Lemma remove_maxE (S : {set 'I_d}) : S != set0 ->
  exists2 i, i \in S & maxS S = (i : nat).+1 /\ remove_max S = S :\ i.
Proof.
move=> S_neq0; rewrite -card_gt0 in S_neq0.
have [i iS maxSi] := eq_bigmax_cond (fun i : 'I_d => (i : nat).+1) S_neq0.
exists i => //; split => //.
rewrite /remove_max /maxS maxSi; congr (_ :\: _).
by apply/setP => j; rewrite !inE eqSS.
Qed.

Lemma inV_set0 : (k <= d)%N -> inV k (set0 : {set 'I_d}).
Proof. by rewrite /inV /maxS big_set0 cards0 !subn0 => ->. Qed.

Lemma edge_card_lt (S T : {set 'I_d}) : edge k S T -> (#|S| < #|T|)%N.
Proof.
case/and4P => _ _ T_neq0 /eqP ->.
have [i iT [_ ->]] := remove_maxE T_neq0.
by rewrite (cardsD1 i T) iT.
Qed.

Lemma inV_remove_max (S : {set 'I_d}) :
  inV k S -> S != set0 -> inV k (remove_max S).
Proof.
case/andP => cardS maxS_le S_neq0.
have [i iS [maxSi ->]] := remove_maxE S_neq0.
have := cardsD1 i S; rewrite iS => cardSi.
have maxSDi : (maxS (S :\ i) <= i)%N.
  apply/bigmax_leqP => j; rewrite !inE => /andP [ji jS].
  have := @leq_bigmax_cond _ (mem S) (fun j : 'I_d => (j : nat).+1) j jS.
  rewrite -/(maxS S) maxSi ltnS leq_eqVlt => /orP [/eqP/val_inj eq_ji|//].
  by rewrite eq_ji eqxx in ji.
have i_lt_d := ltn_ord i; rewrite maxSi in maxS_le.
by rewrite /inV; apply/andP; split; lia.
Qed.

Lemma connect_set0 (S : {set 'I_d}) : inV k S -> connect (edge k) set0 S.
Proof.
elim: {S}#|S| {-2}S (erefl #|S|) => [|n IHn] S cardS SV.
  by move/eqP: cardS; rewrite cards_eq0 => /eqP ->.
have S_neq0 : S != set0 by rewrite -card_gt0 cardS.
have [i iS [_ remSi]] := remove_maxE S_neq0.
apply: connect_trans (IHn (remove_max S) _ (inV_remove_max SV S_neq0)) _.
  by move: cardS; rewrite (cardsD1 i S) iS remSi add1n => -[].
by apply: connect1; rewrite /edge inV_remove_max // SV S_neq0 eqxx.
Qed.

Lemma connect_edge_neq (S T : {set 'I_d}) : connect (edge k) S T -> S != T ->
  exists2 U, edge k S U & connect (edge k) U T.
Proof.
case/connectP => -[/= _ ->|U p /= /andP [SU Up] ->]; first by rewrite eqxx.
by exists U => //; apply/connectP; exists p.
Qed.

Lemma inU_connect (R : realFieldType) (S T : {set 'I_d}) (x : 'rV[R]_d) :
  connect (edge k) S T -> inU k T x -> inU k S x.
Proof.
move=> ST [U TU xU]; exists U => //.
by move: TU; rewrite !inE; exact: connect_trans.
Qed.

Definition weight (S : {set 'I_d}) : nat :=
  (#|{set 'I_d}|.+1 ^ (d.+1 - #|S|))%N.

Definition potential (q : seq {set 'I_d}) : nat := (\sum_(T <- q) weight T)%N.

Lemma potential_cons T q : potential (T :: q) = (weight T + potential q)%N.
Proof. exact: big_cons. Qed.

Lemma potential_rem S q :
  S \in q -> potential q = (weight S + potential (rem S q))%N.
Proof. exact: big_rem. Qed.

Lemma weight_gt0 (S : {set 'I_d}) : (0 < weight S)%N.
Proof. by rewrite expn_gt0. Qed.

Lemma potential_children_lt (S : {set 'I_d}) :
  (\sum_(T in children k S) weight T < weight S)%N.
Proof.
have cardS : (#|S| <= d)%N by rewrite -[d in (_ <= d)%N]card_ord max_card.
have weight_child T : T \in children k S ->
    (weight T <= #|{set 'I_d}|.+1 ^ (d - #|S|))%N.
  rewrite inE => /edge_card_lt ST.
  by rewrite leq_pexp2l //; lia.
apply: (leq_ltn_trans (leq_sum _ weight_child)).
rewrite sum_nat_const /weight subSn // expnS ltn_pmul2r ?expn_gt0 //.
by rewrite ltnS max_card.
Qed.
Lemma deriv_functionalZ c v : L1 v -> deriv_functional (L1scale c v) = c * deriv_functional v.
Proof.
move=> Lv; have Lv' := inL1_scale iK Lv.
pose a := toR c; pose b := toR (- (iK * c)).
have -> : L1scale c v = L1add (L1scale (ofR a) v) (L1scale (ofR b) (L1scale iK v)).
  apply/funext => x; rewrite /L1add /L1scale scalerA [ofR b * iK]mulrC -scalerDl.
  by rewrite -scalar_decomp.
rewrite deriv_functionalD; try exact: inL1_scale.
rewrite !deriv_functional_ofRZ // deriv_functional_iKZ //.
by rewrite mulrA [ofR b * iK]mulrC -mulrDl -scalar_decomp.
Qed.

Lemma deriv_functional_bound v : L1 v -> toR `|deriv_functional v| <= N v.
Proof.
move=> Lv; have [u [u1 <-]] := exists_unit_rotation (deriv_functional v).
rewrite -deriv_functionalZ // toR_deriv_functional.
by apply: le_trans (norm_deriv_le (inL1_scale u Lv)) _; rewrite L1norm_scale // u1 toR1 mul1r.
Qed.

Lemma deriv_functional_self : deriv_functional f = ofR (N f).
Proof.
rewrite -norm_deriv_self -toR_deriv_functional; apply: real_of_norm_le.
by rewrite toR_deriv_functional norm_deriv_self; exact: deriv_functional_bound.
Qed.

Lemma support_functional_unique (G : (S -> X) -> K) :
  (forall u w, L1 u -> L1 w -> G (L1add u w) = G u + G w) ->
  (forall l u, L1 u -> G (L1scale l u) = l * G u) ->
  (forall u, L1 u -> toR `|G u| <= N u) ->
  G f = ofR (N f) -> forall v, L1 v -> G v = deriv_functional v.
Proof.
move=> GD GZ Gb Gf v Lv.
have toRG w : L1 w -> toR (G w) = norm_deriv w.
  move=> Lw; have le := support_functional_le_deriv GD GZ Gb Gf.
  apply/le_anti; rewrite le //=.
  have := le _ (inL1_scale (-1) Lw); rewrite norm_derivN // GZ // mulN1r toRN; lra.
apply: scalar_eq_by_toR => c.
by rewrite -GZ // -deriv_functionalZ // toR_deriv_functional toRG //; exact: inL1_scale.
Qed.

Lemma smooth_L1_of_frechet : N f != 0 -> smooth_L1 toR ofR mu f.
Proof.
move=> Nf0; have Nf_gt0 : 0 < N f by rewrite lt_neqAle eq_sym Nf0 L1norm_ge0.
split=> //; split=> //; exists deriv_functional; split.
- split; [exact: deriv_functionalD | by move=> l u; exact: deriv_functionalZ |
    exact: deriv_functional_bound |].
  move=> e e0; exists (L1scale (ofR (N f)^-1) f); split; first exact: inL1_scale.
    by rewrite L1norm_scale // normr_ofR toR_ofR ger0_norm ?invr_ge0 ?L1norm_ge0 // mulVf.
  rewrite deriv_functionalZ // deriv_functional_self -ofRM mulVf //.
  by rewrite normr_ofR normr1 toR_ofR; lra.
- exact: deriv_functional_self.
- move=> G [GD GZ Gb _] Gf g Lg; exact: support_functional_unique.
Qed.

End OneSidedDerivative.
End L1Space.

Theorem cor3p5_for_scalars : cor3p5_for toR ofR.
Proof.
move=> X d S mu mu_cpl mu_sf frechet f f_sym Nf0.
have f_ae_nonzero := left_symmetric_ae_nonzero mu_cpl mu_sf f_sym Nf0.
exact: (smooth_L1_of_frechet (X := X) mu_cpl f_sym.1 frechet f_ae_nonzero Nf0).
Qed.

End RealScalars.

════════════════════

▶ WORK ITEM:
Read the data above. Pull out each line in which the string "forall" appears.

▶ RESPONSE AREA:
  (forall u w, L1 u -> L1 w -> G (L1add u w) = G u + G w) ->
  (forall l u, L1 u -> G (L1scale l u) = l * G u) ->
  (forall u, L1 u -> toR `|G u| <= N u) ->
  G f = ofR (N f) -> forall v, L1 v -> G v = deriv_functional v.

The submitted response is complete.